Here I will be analyzing two educational companies. One based in North America and the other in China. I will compare the companies' balance sheets and income statements.
Corinthian Colleges (COCO) is one of the largest post-secondary education companies in North America. The company's program areas include health care, business, criminal justice, transportation technology and maintenance, construction trades and information technology.
On February 1, 2012 Corinthian Colleges reported financial results for the second quarter, ended December 31, 2011. The results for the quarter exceeded previous guidance ranges for earnings per share and were within previous guidance ranges for revenue and new student enrollment.
"As anticipated, the rate of decline in new student enrollment growth improved significantly in the quarter," Massimino said. "The improvement is the result of several factors, including a less challenging comparable from the second quarter last year, gradual stabilization in ground school new enrollments and continued strong growth at Everest University Online. In the last half of fiscal 2012, we expect new enrollments to be slightly positive.
To help offset recent declines in student population, over the past 18 months we have reduced annualized operating expenses by approximately $150 million," Massimino said. "We also continue to pursue several growth initiatives, such as introducing new program offerings, opening new campuses, and growing our exclusively online enrollments."
Comparing the second quarter of fiscal 2012 with the same quarter of the prior year:
- Net revenues were $415.5 million versus $481.7 million, a decrease of 13.7%.
- The total student population at December 31, 2011 was 94,860 versus 105,210 at December 31, 2010, a decrease of 9.8%.
- New student enrollments totaled 25,951 versus 26,758, a decrease of 3.0%.
- Diluted earnings per share were $0.02 per share versus a diluted loss per share of $(1.94). Excluding impairment and severance charges of $0.02 per share in Q2 12 and $2.17 per share in Q2 11, diluted earnings per share were $0.04 in Q2 12 versus $0.23 in Q2 11.
- Cash and cash equivalents totaled $38.4 million at December 31, 2011, compared with $107.4 million at June 30, 2011. The decrease results from the repayment of debt, partially offset by cash flows from operations.
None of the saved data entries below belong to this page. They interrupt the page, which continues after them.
(* Let $n,k$ be integers with $2\le 2k\le n-4$. Let $\eta=(\eta_1<\dots<\eta_l)\in\overline{\mathbb{D}}^{\,\mathrm{o}}_{2k+2}$, where $\overline{\mathbb{D}}^{\,\mathrm{o}}_{2k+2}=\mathbb{D}^{\,\mathrm{o}}_{2k+2}\setminus\{(1,2k+1)\}$ if $2k=n-4$ and $\overline{\mathbb{D}}^{\,\mathrm{o}}_{2k+2}=\mathbb{D}^{\,\mathrm{o}}_{2k+2}$ otherwise. Let $Y_{\eta^*}$ be the Young diagram whose main diagonal consists of exactly the cells $c_{1,1},\dots,c_{l+1,l+1}$ and which satisfies $h_{1,1}=2n-5$, $h_{i,i}=\eta_{l-(i-2)}$ for $2\le i\le l+1$, and $a(c_{i,i})=l(c_{i,i})$ for $1\le i\le l+1$. Let $\lambda$ be the partition whose parts are the hook lengths of the first-column cells of $Y_{\eta^*}$. Then $\lambda$ is a partition of $T_{n,n-2k}=n(n+1)/2-(n-2k)$.
   Context: $\mathbb{D}^{\,\mathrm{o}}_N$ is the set of partitions of $N$ into distinct odd parts, i.e. sequences $(\eta_1<\dots<\eta_l)$ of odd positive integers with sum $N$ and $l\ge 2$. Young diagrams are in English convention: rows top to bottom, columns left to right, $c_{i,j}$ the cell in row $i$, column $j$; arm $a(c_{i,j})$ = number of cells to its right in its row, leg $l(c_{i,j})$ = number of cells below it in its column, hook length $h_{i,j}=a+l+1$. *)

From mathcomp Require Import all_boot.
Set Implicit Arguments. Unset Strict Implicit. Unset Printing Implicit Defensive.

Definition distinct_odd_partition (N : nat) (eta : seq nat) : bool :=
  [&& sorted ltn eta, all odd eta, sumn eta == N & 2 <= size eta].

Definition Dbar_odd (n k : nat) (eta : seq nat) : bool :=
  distinct_odd_partition (2 * k + 2) eta &&
  ((2 * k == n - 4) ==> (eta != [:: 1; 2 * k + 1])).

(* A Young diagram is given by its (weakly decreasing, positive) row lengths.
   English convention; rows and columns are 1-indexed. *)
Definition young (mu : seq nat) : bool := sorted geq mu && all (fun r => 0 < r) mu.

(* length of row i (1-indexed); 0 beyond the diagram *)
Definition row (mu : seq nat) (i : nat) : nat := nth 0 mu i.-1.
Definition col (mu : seq nat) (j : nat) : nat := count (fun r => j <= r) mu.

Definition in_diagram (mu : seq nat) (i j : nat) : bool :=
  [&& 1 <= i, 1 <= j & j <= row mu i].

Definition arm (mu : seq nat) (i j : nat) : nat := row mu i - j.
Definition leg (mu : seq nat) (i j : nat) : nat := col mu j - i.
Definition hook (mu : seq nat) (i j : nat) : nat := arm mu i j + leg mu i j + 1.

Definition first_col_hooks (mu : seq nat) : seq nat :=
  [seq hook mu i 1 | i <- iota 1 (size mu)].

Definition is_partition_of (lam : seq nat) (N : nat) : bool :=
  [&& sorted geq lam, all (fun r => 0 < r) lam & sumn lam == N].

Definition Tnm (n m : nat) : nat := (n * (n + 1)) %/ 2 - m.

Definition Y_eta_star (n : nat) (eta mu : seq nat) : Prop :=
  let l := size eta in
  [/\ young mu,
      (forall i, 1 <= i -> in_diagram mu i i = (i <= l.+1)),
      hook mu 1 1 = 2 * n - 5,
      (forall i, 2 <= i <= l.+1 -> hook mu i i = nth 0 eta (l - (i - 2)).-1)
    & (forall i, 1 <= i <= l.+1 -> arm mu i i = leg mu i i)].

From mathcomp Require Import all_boot zify.
Set Implicit Arguments. Unset Strict Implicit. Unset Printing Implicit Defensive.

(* A Young diagram is determined by its diagonal hooks, and its size is their
   sum.  The conditions defining Y_{eta^*} make it the self-conjugate diagram
   with diagonal arms n-3 > (eta_l-1)/2 > ... > (eta_1-1)/2, which exists
   because 2k <= n-4; it has size (2n-5) + (2k+2) and n-2 rows.  The
   first-column hooks of a diagram with r rows sum to its size plus
   binom(r,2), which here gives n(n+1)/2 - (n-2k). *)

Lemma col1_young mu : young mu -> col mu 1 = size mu.
Proof. by case/andP=> _ mu_pos; apply/eqP; rewrite -all_count. Qed.

Lemma leq_row_young mu i j : young mu -> 1 <= i <= j -> row mu j <= row mu i.
Proof.
case/andP=> mu_sorted _ /andP[i_gt0 le_ij]; rewrite /row.
have [j_lt|j_ge] := ltnP j.-1 (size mu); last by rewrite nth_default.
apply: (sorted_leq_nth (leT := geq)) => //; rewrite ?inE; try lia.
- by move=> x y z /= ? ?; lia.
- by move=> x /=.
Qed.

Lemma row_gt0_young mu i : young mu -> 1 <= i <= size mu -> 0 < row mu i.
Proof.
case/andP=> _ /allP mu_pos; case: i => [|i] // /andP[_ i_lt].
exact/mu_pos/mem_nth.
Qed.

Lemma sumn_rows mu : sumn mu = \sum_(1 <= i < (size mu).+1) row mu i.
Proof. by rewrite sumnE (big_nth 0) big_add1. Qed.

Lemma sum_leq_nat x d : \sum_(1 <= j < d.+1) (j <= x : nat) = minn x d.
Proof.
elim: d => [|d IHd]; first by rewrite big_geq //; lia.
by rewrite big_nat_recr //= IHd; case: leqP; lia.
Qed.

Lemma sumn_sum_count s d : all (fun x => x <= d) s ->
  sumn s = \sum_(1 <= j < d.+1) count (fun x => j <= x) s.
Proof.
elim: s => [|x s IHs] /=; first by rewrite big1.
by case/andP=> x_le s_le; rewrite big_split /= -IHs // sum_leq_nat; lia.
Qed.

Lemma sum_double_nat d : \sum_(1 <= i < d.+1) i.*2 = d * d.+1.
Proof.
elim: d => [|d IHd]; first by rewrite big_geq.
by rewrite big_nat_recr //= IHd; lia.
Qed.

Section DurfeeSquare.

Variables (mu : seq nat) (d : nat).
Hypotheses (mu_young : young mu) (d_le_row : d <= row mu d)
           (row_le_d : row mu d.+1 <= d).

Let d_le_size : d <= size mu.
Proof. by case: leqP => // lt_size; move: d_le_row; rewrite /row nth_default; lia. Qed.

Lemma col_durfee i : 1 <= i <= d ->
  col mu i = d + count (fun x => i <= x) (drop d mu).
Proof.
move=> i_range; rewrite /col -{1}(cat_take_drop d mu) count_cat.
congr (_ + _); rewrite -{2}(size_takel d_le_size); apply/eqP; rewrite -all_count.
apply/(all_nthP 0) => p; rewrite size_takel // => p_lt.
rewrite nth_take // -[nth 0 mu p]/(row mu p.+1).
by have := leq_row_young (i := p.+1) (j := d) mu_young; lia.
Qed.

Lemma sumn_diag_hooks : sumn mu = \sum_(1 <= i < d.+1) hook mu i i.
Proof.
set r := drop d mu.
have r_le_d : all (fun x => x <= d) r.
  apply/(all_nthP 0) => p _; rewrite nth_drop -[nth 0 mu _]/(row mu (d + p).+1).
  by have := leq_row_young (i := d.+1) (j := (d + p).+1) mu_young; lia.
have sumn_mu : sumn mu = \sum_(1 <= i < d.+1) row mu i + sumn r.
  rewrite -{1}(cat_take_drop d mu) sumn_cat sumn_rows size_takel //.
  by congr (_ + _); apply: eq_big_nat => i i_range; rewrite /row nth_take //; lia.
have hook_diag i : 1 <= i < d.+1 ->
    hook mu i i + i.*2 = row mu i + count (fun x => i <= x) r + d.+1.
  move=> i_range; have := col_durfee i_range; rewrite -/r.
  have := leq_row_young (i := i) (j := d) mu_young.
  by rewrite /hook /arm /leg; lia.
have sum_eq : \sum_(1 <= i < d.+1) (hook mu i i + i.*2) =
    \sum_(1 <= i < d.+1) (row mu i + count (fun x => i <= x) r + d.+1).
  exact: eq_big_nat.
rewrite [LHS]big_split [RHS]big_split [X in _ = X + _]big_split /= in sum_eq.
rewrite sum_double_nat -(sumn_sum_count r_le_d) sum_nat_const_nat in sum_eq.
by rewrite sumn_mu; lia.
Qed.

End DurfeeSquare.

Lemma hook_first_col mu i : young mu -> 1 <= i <= size mu ->
  hook mu i 1 = row mu i + (size mu - i).
Proof.
move=> mu_young i_range; have := row_gt0_young mu_young i_range.
by rewrite /hook /arm /leg col1_young //; lia.
Qed.

Lemma sumn_first_col_hooks mu : young mu ->
  sumn (first_col_hooks mu) = sumn mu + 'C(size mu, 2).
Proof.
move=> mu_young; rewrite /first_col_hooks sumnE big_map.
have -> : iota 1 (size mu) = index_iota 1 (size mu).+1 by rewrite /index_iota subn1.
rewrite (eq_big_nat _ _ (F2 := fun i => row mu i + (size mu - i))); last first.
  by move=> i; apply: hook_first_col.
rewrite big_split /= -sumn_rows.
congr (_ + _); rewrite big_add1 big_nat_rev -bin2_sum /=.
by apply: eq_big_nat => i i_lt; lia.
Qed.

Lemma first_col_hooks_partition mu : young mu ->
  is_partition_of (first_col_hooks mu) (sumn mu + 'C(size mu, 2)).
Proof.
move=> mu_young; rewrite /is_partition_of sumn_first_col_hooks // eqxx andbT.
apply/andP; split; last by rewrite all_map; apply/allP => i _ /=; rewrite /hook; lia.
apply: (homo_sorted_in (P := fun i => 1 <= i <= size mu) (e := leq)).
- move=> i j i_range j_range /= le_ij.
  rewrite !hook_first_col //; have := leq_row_young (i := i) (j := j) mu_young.
  by move: i_range j_range => /andP[? ?] /andP[? ?]; lia.
- by apply/allP => i; rewrite mem_iota; lia.
- exact: iota_sorted.
Qed.

(* [add_hook a mu] wraps [mu] in a new outermost hook with arm and leg [a], so
   [frobenius a] is the self-conjugate diagram with Frobenius coordinates
   (a | a). *)
Definition add_hook (a : nat) (mu : seq nat) : seq nat :=
  a.+1 :: map S mu ++ nseq (a - size mu) 1.

Fixpoint frobenius (a : seq nat) : seq nat :=
  if a is a0 :: a' then add_hook a0 (frobenius a') else [::].

Section AddHook.

Variables (a : nat) (mu : seq nat).
Hypothesis size_le : size mu <= a.

Lemma size_add_hook : size (add_hook a mu) = a.+1.
Proof. by rewrite /= size_cat size_map size_nseq; lia. Qed.

Lemma row_add_hook j : row (add_hook a mu) j.+2 =
  if j < size mu then (row mu j.+1).+1 else (j < a : nat).
Proof.
rewrite /row /= nth_cat size_map; case: ifP => j_lt; first by rewrite (nth_map 0).
by rewrite nth_nseq; case: ltnP; case: ltnP; lia.
Qed.

Lemma col_add_hook j : col (add_hook a mu) j.+2 = (j < a) + col mu j.+1.
Proof. by rewrite /col /= count_cat count_map count_nseq /= mul0n addn0. Qed.

Lemma young_add_hook : young mu -> row mu 1 <= a -> young (add_hook a mu).
Proof.
case/andP=> mu_sorted mu_pos row1_le; apply/andP; split.
  rewrite /= cat_path path_map; apply/andP; split.
    by case: mu mu_sorted row1_le => //= x mu' -> /=; rewrite /row /=; lia.
  by rewrite last_map; elim: (a - size mu) (last _ _) => //= *; lia.
rewrite /= all_cat all_map; apply/andP; split; first exact/allP.
by apply/allP => x /nseqP[->].
Qed.

End AddHook.

Lemma size_le_head a0 a : sorted gtn (a0 :: a) -> size a <= a0.
Proof.
elim: a a0 => [|a1 a IHa] a0 //= /andP[lt_a1 a_sorted].
by have := IHa a1 a_sorted; lia.
Qed.

Lemma size_frobenius_le a0 a : sorted gtn (a0 :: a) -> size (frobenius a) <= a0.
Proof.
elim: a a0 => [|a1 a IHa] a0 // /andP[lt_a1 a_sorted].
by rewrite size_add_hook; [lia | exact: IHa].
Qed.

Lemma size_frobenius a0 a : sorted gtn (a0 :: a) -> size (frobenius (a0 :: a)) = a0.+1.
Proof. by move=> a_sorted; rewrite size_add_hook // (size_frobenius_le a_sorted). Qed.

Lemma size_le_frobenius a : sorted gtn a -> size a <= size (frobenius a).
Proof.
case: a => [|a0 a] // a_sorted.
by rewrite size_frobenius //= ltnS (size_le_head a_sorted).
Qed.

Lemma row1_frobenius_le a0 a : sorted gtn (a0 :: a) -> row (frobenius a) 1 <= a0.
Proof. by case: a => [|a1 a] //= /andP[]. Qed.

Lemma young_frobenius a : sorted gtn a -> young (frobenius a).
Proof.
elim: a => [|a0 a IHa] // a_sorted.
apply: young_add_hook; first exact: size_frobenius_le.
  exact: IHa (path_sorted a_sorted).
exact: row1_frobenius_le.
Qed.

Lemma in_diagram_frobenius a i : sorted gtn a -> 1 <= i ->
  in_diagram (frobenius a) i i = (i <= size a).
Proof.
elim: a i => [|a0 a IHa] [|[|j]] //= a_sorted _; rewrite /in_diagram //=.
have a'_sorted := path_sorted a_sorted.
rewrite row_add_hook ?(size_frobenius_le a_sorted) //; case: ifP => j_lt.
  by have := IHa j.+1 a'_sorted isT; rewrite /in_diagram.
have := size_le_frobenius a'_sorted; case: (j < a0); lia.
Qed.

Lemma arm_frobenius a i : sorted gtn a -> 1 <= i <= size a ->
  arm (frobenius a) i i = nth 0 a i.-1.
Proof.
elim: a i => [|a0 a IHa] [|[|j]] //= a_sorted i_range.
  by rewrite /arm /row /=; lia.
have a'_sorted := path_sorted a_sorted.
have j_lt : j < size (frobenius a) by have := size_le_frobenius a'_sorted; lia.
by rewrite /arm row_add_hook ?(size_frobenius_le a_sorted) // j_lt -(IHa j.+1).
Qed.

Lemma leg_frobenius a i : sorted gtn a -> 1 <= i <= size a ->
  leg (frobenius a) i i = nth 0 a i.-1.
Proof.
elim: a i => [|a0 a IHa] [|[|j]] //= a_sorted i_range.
  have a_young := young_frobenius (a := a0 :: a) a_sorted.
  by rewrite /leg (col1_young a_young) (size_frobenius a_sorted); lia.
have a'_sorted := path_sorted a_sorted.
have j_lt : j < a0 by have := size_le_head a_sorted; lia.
by rewrite /leg col_add_hook j_lt -(IHa j.+1) // /leg; lia.
Qed.

Lemma ltn_half_odd x y : odd x -> odd y -> x < y -> x./2 < y./2.
Proof.
by move=> x_odd y_odd; rewrite -(odd_double_half x) -(odd_double_half y) x_odd y_odd; lia.
Qed.

Lemma Y_eta_star_frobenius n eta :
  3 <= n -> sorted ltn eta -> all odd eta -> all (fun e => e./2 < n - 3) eta ->
  Y_eta_star n eta (frobenius (n - 3 :: map half (rev eta))).
Proof.
move=> n_ge3 eta_sorted eta_odd eta_small.
set a := n - 3 :: _.
have a_sorted : sorted gtn a.
  rewrite /a /= (path_sortedE (leT := gtn)); last by move=> x y z /= ? ?; lia.
  rewrite all_map all_rev eta_small /= map_rev rev_sorted.
  apply: (homo_sorted_in (P := odd) (e := ltn)) => // x y x_odd y_odd.
  exact: ltn_half_odd.
have size_a : size a = (size eta).+1 by rewrite /= size_map size_rev.
have hook_diag i : 1 <= i <= size a ->
    hook (frobenius a) i i = (nth 0 a i.-1).*2.+1.
  by move=> i_range; rewrite /hook arm_frobenius // leg_frobenius //; lia.
split.
- exact: young_frobenius.
- by move=> i i_gt0; rewrite in_diagram_frobenius // size_a.
- by rewrite hook_diag ?size_a //=; lia.
- move=> [|[|j]] // /andP[_ j_lt]; rewrite hook_diag ?size_a //=.
  rewrite (nth_map 0) ?size_rev ?nth_rev; try lia.
  have -> : (size eta - j.+1) = (size eta - (j.+2 - 2)).-1 by lia.
  set e := nth 0 eta _; have e_odd : odd e by apply: (all_nthP 0 eta_odd); lia.
  by rewrite -[in RHS](odd_double_half e) e_odd.
- by move=> i i_range; rewrite arm_frobenius ?leg_frobenius ?size_a.
Qed.

Lemma size_Y_eta_star n eta mu : Y_eta_star n eta mu -> size mu = n - 2.
Proof.
case=> mu_young diag hook11 _ arm_leg.
have size_gt0 : 0 < size mu.
  by move: (diag 1 isT); rewrite /in_diagram /row; case: (mu).
by move: hook11 (arm_leg 1 isT); rewrite /hook /arm /leg col1_young //; lia.
Qed.

Lemma sumn_Y_eta_star n eta mu : Y_eta_star n eta mu -> sumn mu = 2 * n - 5 + sumn eta.
Proof.
case=> mu_young diag hook11 hook_diag _; set l := size eta.
have durfee_le : l.+1 <= row mu l.+1.
  by have := diag l.+1 isT; rewrite leqnn /in_diagram => /and3P[].
have row_le : row mu l.+2 <= l.+1.
  by have := diag l.+2 isT; rewrite ltnn /in_diagram /=; case: leqP.
rewrite (sumn_diag_hooks mu_young durfee_le row_le) big_ltn // hook11.
rewrite (eq_big_nat _ _ (F2 := fun i => nth 0 eta (l - (i - 2)).-1)); last first.
  by move=> i i_range; apply: hook_diag; lia.
congr (_ + _); rewrite sumnE [RHS](big_nth 0) !big_add1 [RHS]big_nat_rev /=.
by apply: eq_big_nat => i i_lt; congr nth; lia.
Qed.

Lemma leq_sumn_mem s x : x \in s -> x <= sumn s.
Proof. by elim: s => [|y s IHs] //=; rewrite inE => /orP[/eqP->|/IHs]; lia. Qed.

Theorem proposition4p10 (n k : nat) (eta : seq nat) :
  2 <= 2 * k -> 2 * k <= n - 4 ->
  Dbar_odd n k eta ->
  (exists mu, Y_eta_star n eta mu) /\
  (forall mu, Y_eta_star n eta mu ->
     is_partition_of (first_col_hooks mu) (Tnm n (n - 2 * k))).
Proof.
move=> k_gt0 k_le /andP[/and4P[eta_sorted eta_odd /eqP sum_eta _] _].
split.
  exists (frobenius (n - 3 :: map half (rev eta))).
  apply: Y_eta_star_frobenius => //; first lia.
  by apply/allP => e /leq_sumn_mem; rewrite sum_eta; lia.
move=> mu Ymu; have [mu_young _ _ _ _] := Ymu.
have := first_col_hooks_partition mu_young.
rewrite (sumn_Y_eta_star Ymu) (size_Y_eta_star Ymu) sum_eta /Tnm.
suff -> : n * (n + 1) %/ 2 - (n - 2 * k) = 2 * n - 5 + (2 * k + 2) + 'C(n - 2, 2) by [].
by rewrite bin2 -divn2; nia.
Qed.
- Total debt and capital leases were $135.3 million at December 31, 2011, compared with $331.8 million at June 30, 2011.
- Cash flow from operations was $137.2 million in the first six months of fiscal 2012, versus $4.0 million in the same period last year. The increase in cash flow is primarily related to the timing of cash payments and receipts related to working capital.
- Capital expenditures were $20.1 million for the first six months of fiscal 2012, versus $65.8 million in the same period last year. The decrease is primarily the result of opening fewer new campuses.
The company expects revenues of $430 - $440 million for Q3 2012 and EPS of $0.15-0.17.
Noah Education Holdings (NED) is a leading provider of education services in China. The company's brands include Wentai Education, Little New Star and Yuanbo Education. Wentai Education operates and manages high-end kindergartens, primary and secondary schools; Little New Star provides English language training for children aged 3-12 in its directly owned and franchised training centers; Yuanbo Education operates premium kindergartens under the Qingan brand.
On November 18, 2011, the company announced first-quarter fiscal 2012 results.
Net revenue for the first quarter increased 73.8% to $5.4 million from the first quarter of fiscal 2011, driven mainly by the strong growth in existing Wentai and Little New Star (LNS) business and two months contribution from the newly acquired Yuanbo. Net income for the first quarter was $0.3 million.
As of September 30, 2011, the company had $2.15 cash per share. Real estate value is $0.51 per share. Cash plus real estate value per share is $2.66. For the three months ended September 30, 2011, the company generated $8.2 million in cash from operations.
Financial Outlook for Full Fiscal 2012 and for the Second Quarter of Fiscal 2012
Based on current estimates and market conditions, for the first quarter of fiscal 2012, Noah expects to generate net revenue in the range of $5.5 million to $5.8 million. For the full fiscal 2012, the company continues to expect to generate revenue between $22.7 million and $24.3 million representing a 55% to 66% year-over-year growth. The company is expected to be profitable in fiscal year 2012 following completion of ELP business sale in June 2011.
Noah is currently trading below net cash and is profitable. Corinthian Colleges is currently trading at more than 10 times its cash position and has $135.3 million in debt but is profitable. Corinthian Colleges has already reported results for the quarter ended December 31, 2011, but Noah is yet to report its. I recommend buying Noah at current prices and Corinthian Colleges at around $3 if we do get a pullback.